####Background In current tech world, performance and scaling are 2 main factors when we design a system. Cache is born for performance improvemant but when it meets with scaling requirement, things are getting interesting. In this post and upcoming posts, I will describe couple caching strategies and try to compare them in a distributed environment.
####Strategies In this section, I will describe 5 types of caching strategies: cache aside, read through, read ahead, write through, write behind.
This is where application is responsible for reading and writing from the database and the cache doesn’t interact with the database at all. The cache is “kept aside” as a faster and more scalable in-memory data store. The application checks the cache before reading anything from the database. And, the application updates the cache after making any updates to the database. This way, the application ensures that the cache is kept synchronized with the database.
This is where cache store is responsible for reading from the database. When an application asks the cache for certain key and miss, that will delegate cache store to fetch data from database and populate it in cache for future use. And then return data to application. This performance can be improved by read ahead
This will allow developers to configure a cache to automatically and asynchronously reload any recently accessed cache entry from the cache loader before its expiration. The result is that after a frequently accessed entry has entered the cache, the application will not fell the impact of a read against a potentially slow cache when the entry is reloaded due to expiration. The asynchronous refresh is only triggered when a object that is sufficiently close to its expiration time is accessed.

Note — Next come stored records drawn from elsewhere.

(* z is fully round: no one-sided neighborhood of z in the boundary is a
   line segment (i.e. no nondegenerate segment [z,w] lies in the boundary),
   and the one-sided neighborhoods are not the degenerate segment {z}. *)
Definition fully_round (z : C) : Prop :=
  nr_boundary z /\
  (forall w, w != z -> ~ (forall u, segment z w u -> nr_boundary u)) /\
  (exists2 w, nr_boundary w & w != z).

Definition multiply_generated (z : C) : Prop :=
  ~ exists2 v : 'cV[C]_n, v != 0 &
      forall x, unit_sphere x -> fA x = z -> exists c : C, x = c *: v.

Definition isolated_mg (z : C) : Prop :=
  nr_boundary z /\ multiply_generated z /\
  exists2 e : R, 0 < e & forall w, nr_boundary w -> w != z ->
      `|w - z| < e%:C -> ~ multiply_generated w.

(* strong continuity of the multivalued inverse f_A^{-1} at z:
   for every x in f_A^{-1}(z) and every neighborhood V of x in CS^n,
   f_A(V) contains a neighborhood of z relative to F(A). *)
Definition strongly_continuous_at (z : C) : Prop :=
  forall x, unit_sphere x -> fA x = z ->
  forall eps : R, 0 < eps -> exists2 delta : R, 0 < delta &
    forall w, numrange w -> `|w - z| < delta%:C ->
      exists2 y, unit_sphere y /\ vnorm2 (y - x) < eps%:C & fA y = w.

End NumRange.

From mathcomp Require Import all_boot all_order all_algebra.
From mathcomp Require Import complex.
From mathcomp Require Import reals.
From mathcomp Require Import classical_sets boolp topology normedtype derive.
From mathcomp Require Import ring lra.
Import Order.TTheory GRing.Theory Num.Theory.
Import numFieldTopology.Exports numFieldNormedType.Exports.
Local Open Scope ring_scope.
Set Implicit Arguments. Unset Strict Implicit.
(* Fix a point p and let w be the lowest node whose subtree holds every square
   containing p.  Unless w is a leaf, squares containing p occur in both
   subtrees of w; as all squares contain the origin, if p lies (say) in the
   north-east quadrant then every square of right(w) reaches p horizontally,
   and s_max(right(w)) reaches it vertically.  So some square containing p has
   w in its set N, and its colour is at least 4 height(w).
   Conversely, a colour 4h + j > 0 of a square s is witnessed by a node v of
   height h at which s is the j-th extreme square of a child.  Two squares
   below w with the same colour of at least 4 height(w) have witnesses of the
   same height lying above w, hence the same witness, hence they coincide.
   Thus the largest colour among the squares containing p is unique. *)

Definition rbcolor_eqb (a b : rbcolor) : bool :=
  match a, b with Red, Red | Black, Black => true | _, _ => false end.

Lemma rbcolor_eqP : Equality.axiom rbcolor_eqb.
Proof. by do 2!case; constructor. Qed.

HB.instance Definition _ := hasDecEq.Build rbcolor rbcolor_eqP.

Lemma exists_seq_argmax (A : eqType) (f : A -> nat) (s : seq A) x : x \in s ->
  exists2 y, y \in s & {in s, forall z, f z <= f y}%N.
Proof.
elim: s x => // a s IH x _; case: s IH => [_|b s IH].
  by exists a; rewrite ?inE // => z; rewrite inE => /eqP ->.
have [y ys ymax] := IH b (mem_head b s).
case: (leqP (f a) (f y)) => fay.
  by exists y => [|z /predU1P [->|/ymax]] //; rewrite in_cons ys orbT.
by exists a; rewrite ?mem_head // => z /predU1P [->|/ymax]; lia.
Qed.

Section Subtrees.
Variable R : realFieldType.
Implicit Types (t u v w : lotree R) (s x : square R).

Fixpoint lotree_eqb t u : bool :=
  match t, u with
  | Leaf a, Leaf b => a == b
  | Node c k l r, Node c' k' l' r' =>
      [&& c == c', k == k', lotree_eqb l l' & lotree_eqb r r']
  | _, _ => false
  end.

Lemma lotree_eqP : Equality.axiom lotree_eqb.
Proof.
elim=> [a|c k l IHl r IHr] [b|c' k' l' r'] /=; try by constructor.
  by apply: (iffP eqP) => [->|[]].
apply: (iffP and4P) => [[/eqP-> /eqP-> /IHl-> /IHr->] //|[<- <- <- <-]].
by split; rewrite ?eqxx //; [apply/IHl | apply/IHr].
Qed.

HB.instance Definition _ := hasDecEq.Build (lotree R) lotree_eqP.

Lemma mem_subtrees_self t : t \in subtrees t.
Proof. by case: t => [s|c k l r]; rewrite inE eqxx. Qed.

Lemma subtree_leaves v t : v \in subtrees t -> {subset leaves v <= leaves t}.
Proof.
elim: t => [s|c k l IHl r IHr] /=; first by rewrite inE => /eqP ->.
rewrite inE mem_cat => /orP[/eqP -> //|/orP[/IHl|/IHr] sub] x /sub;
  by rewrite mem_cat => ->; rewrite ?orbT.
Qed.

Lemma subtree_height v t : v \in subtrees t -> v = t \/ (height v < height t)%N.
Proof.
elim: t => [s|c k l IHl r IHr] /=; first by rewrite inE => /eqP; left.
rewrite inE mem_cat => /orP[/eqP|/orP[/IHl|/IHr]]; first by left.
  by case=> [->|?]; right; lia.
by case=> [->|?]; right; lia.
Qed.

Lemma mem_leaf_subtrees s t : s \in leaves t -> Leaf s \in subtrees t.
Proof.
elim: t => [s'|c k l IHl r IHr] /=; first by rewrite !inE => /eqP ->.
by rewrite inE !mem_cat => /orP[/IHl|/IHr] ->; rewrite ?orbT.
Qed.

Section Laminar.
Variable T : lotree R.
Hypothesis uniq_leaves : uniq (leaves T).
(* Fix spins $j_1,\dots,j_4\in\frac12\mathbb{Z}_{\ge0}$ with $J=j_1+j_2+j_3+j_4\in\mathbb{Z}$. Then in $\mathcal{H}_{j_1j_2j_3j_4}$ the states $|S,T\rangle$ are not linearly independent, and all the linear relations among them are generated by the fundamental relation $$(k_{12}+1)(k_{34}+1)\,|S-1,T\rangle-(k_{13}+1)(k_{24}+1)\,|S,T-1\rangle+k_{14}k_{23}\,|S,T\rangle=0,$$ where $k_{ij}=k_{ij}(j_i,S,T)$.
   Context: Spinors: $[z|w\rangle=z_0w_1-z_1w_0$ for $z,w\in\mathbb{C}^2$. $\mathcal{H}_{j_1j_2j_3j_4}$ is the space of holomorphic functions $f(z_1,\dots,z_4)$ on $(\mathbb{C}^2)^4$ that are homogeneous of degree $2j_i$ in $z_i$ and invariant under $z_i\mapsto gz_i$ for all $g\in SU(2)$ (the space of 4-valent $SU(2)$ intertwiners). For integers or half-integers $S,T$ with $S-j_1-j_2\in\mathbb{Z}$ and $T-j_1-j_3\in\mathbb{Z}$, put $U=J-S-T$ and $$k_{12}=j_1+j_2-S,\ k_{34}=j_3+j_4-S,\ k_{13}=j_1+j_3-T,\ k_{24}=j_2+j_4-T,\ k_{14}=j_1+j_4-U,\ k_{23}=j_2+j_3-U.$$ $(S,T)$ is admissible if all $k_{ij}\ge0$. For admissible $(S,T)$, $|S,T\rangle$ is the function $$(z_i|S,T\rangle=\prod_{i<j}\frac{[z_i|z_j\rangle^{k_{ij}}}{k_{ij}!},$$ and $|S,T\rangle:=0$ if $(S,T)$ is not admissible. *)

(* Spins and the labels S, T are rationals (half-integers). *)
From HB Require Import structures.
From mathcomp Require Import all_boot all_order all_algebra.
Set Implicit Arguments.
Unset Strict Implicit.
Unset Printing Implicit Defensive.
Import Order.TTheory GRing.Theory Num.Theory.
Local Open Scope ring_scope.

Definition Jtot (j1 j2 j3 j4 : rat) : rat := j1 + j2 + j3 + j4.
Definition Uof (j1 j2 j3 j4 S T : rat) : rat := Jtot j1 j2 j3 j4 - S - T.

When the application updates a piece of data in the cache, the operation will not complete/return until the database is also got updated. This does not improve write performance since you are still dealing with the latency of the write to database. Improving write performance is the purpose for the write behind.
In this strategy, modified cache entries are asynchronously written to the data source after a configurable delay, whether after 10 seconds, 20 minutes, a day or even a week or longer.For Write-Behind caching, we will maintains a write-behind queue of the data that must be updated in the data source. When the application updates X in the cache, X is added to the write-behind queue (if it isn’t there already; otherwise, it is replaced), and after the specified write-behind delay we will call the cache to update the underlying database with the latest state of X. Note that the write-behind delay is relative to the first of a series of modifications—in other words, the data in the data source will never lag behind the cache by more than the write-behind delay.
Read-Through/Write-Through vs. cache-aside
There are two common approaches to the cache-aside pattern in a clustered environment. One involves checking for a cache miss, then querying the database, populating the cache, and continuing application processing. This can result in multiple database hits if different application threads perform this processing at the same time. Alternatively, applications may perform double-checked locking (which works since the check is atomic with respect to the cache entry). This, however, results in a substantial amount of overhead on a cache miss or a database update (a clustered lock, additional read, and clustered unlock – up to 10 additional network hops, or 6-8ms on a typical gigabit ethernet connection, plus additional processing overhead and an increase in the “lock duration” for a cache entry).
By using inline caching, the entry is locked only for the 2 network hops (while the data is copied to the backup server for fault-tolerance). Additionally, the locks are maintained locally on the partition owner. Furthermore, application code is fully managed on the cache server, meaning that only a controlled subset of nodes will directly access the database (resulting in more predictable load and security). Additionally, this decouples cache clients from database logic.
Refresh ahead vs. Read Through
Refresh-ahead offers reduced latency compared to read-through, but only if the cache can accurately predict which cache items are likely to be needed in the future. With full accuracy in these predictions, refresh-ahead will offer reduced latency and no added overhead. The higher the rate of misprediction, the greater the impact will be on throughput (as more unnecessary requests will be sent to the database) – potentially even having a negative impact on latency should the database start to fall behind on request processing.
Write Behind vs. Write Through
If the requirements for write-behind caching can be satisfied, write-behind caching may deliver considerably higher throughput and reduced latency compared to write-through caching. Additionally write-behind caching lowers the load on the database (fewer writes), and on the cache server (reduced cache value deserialization).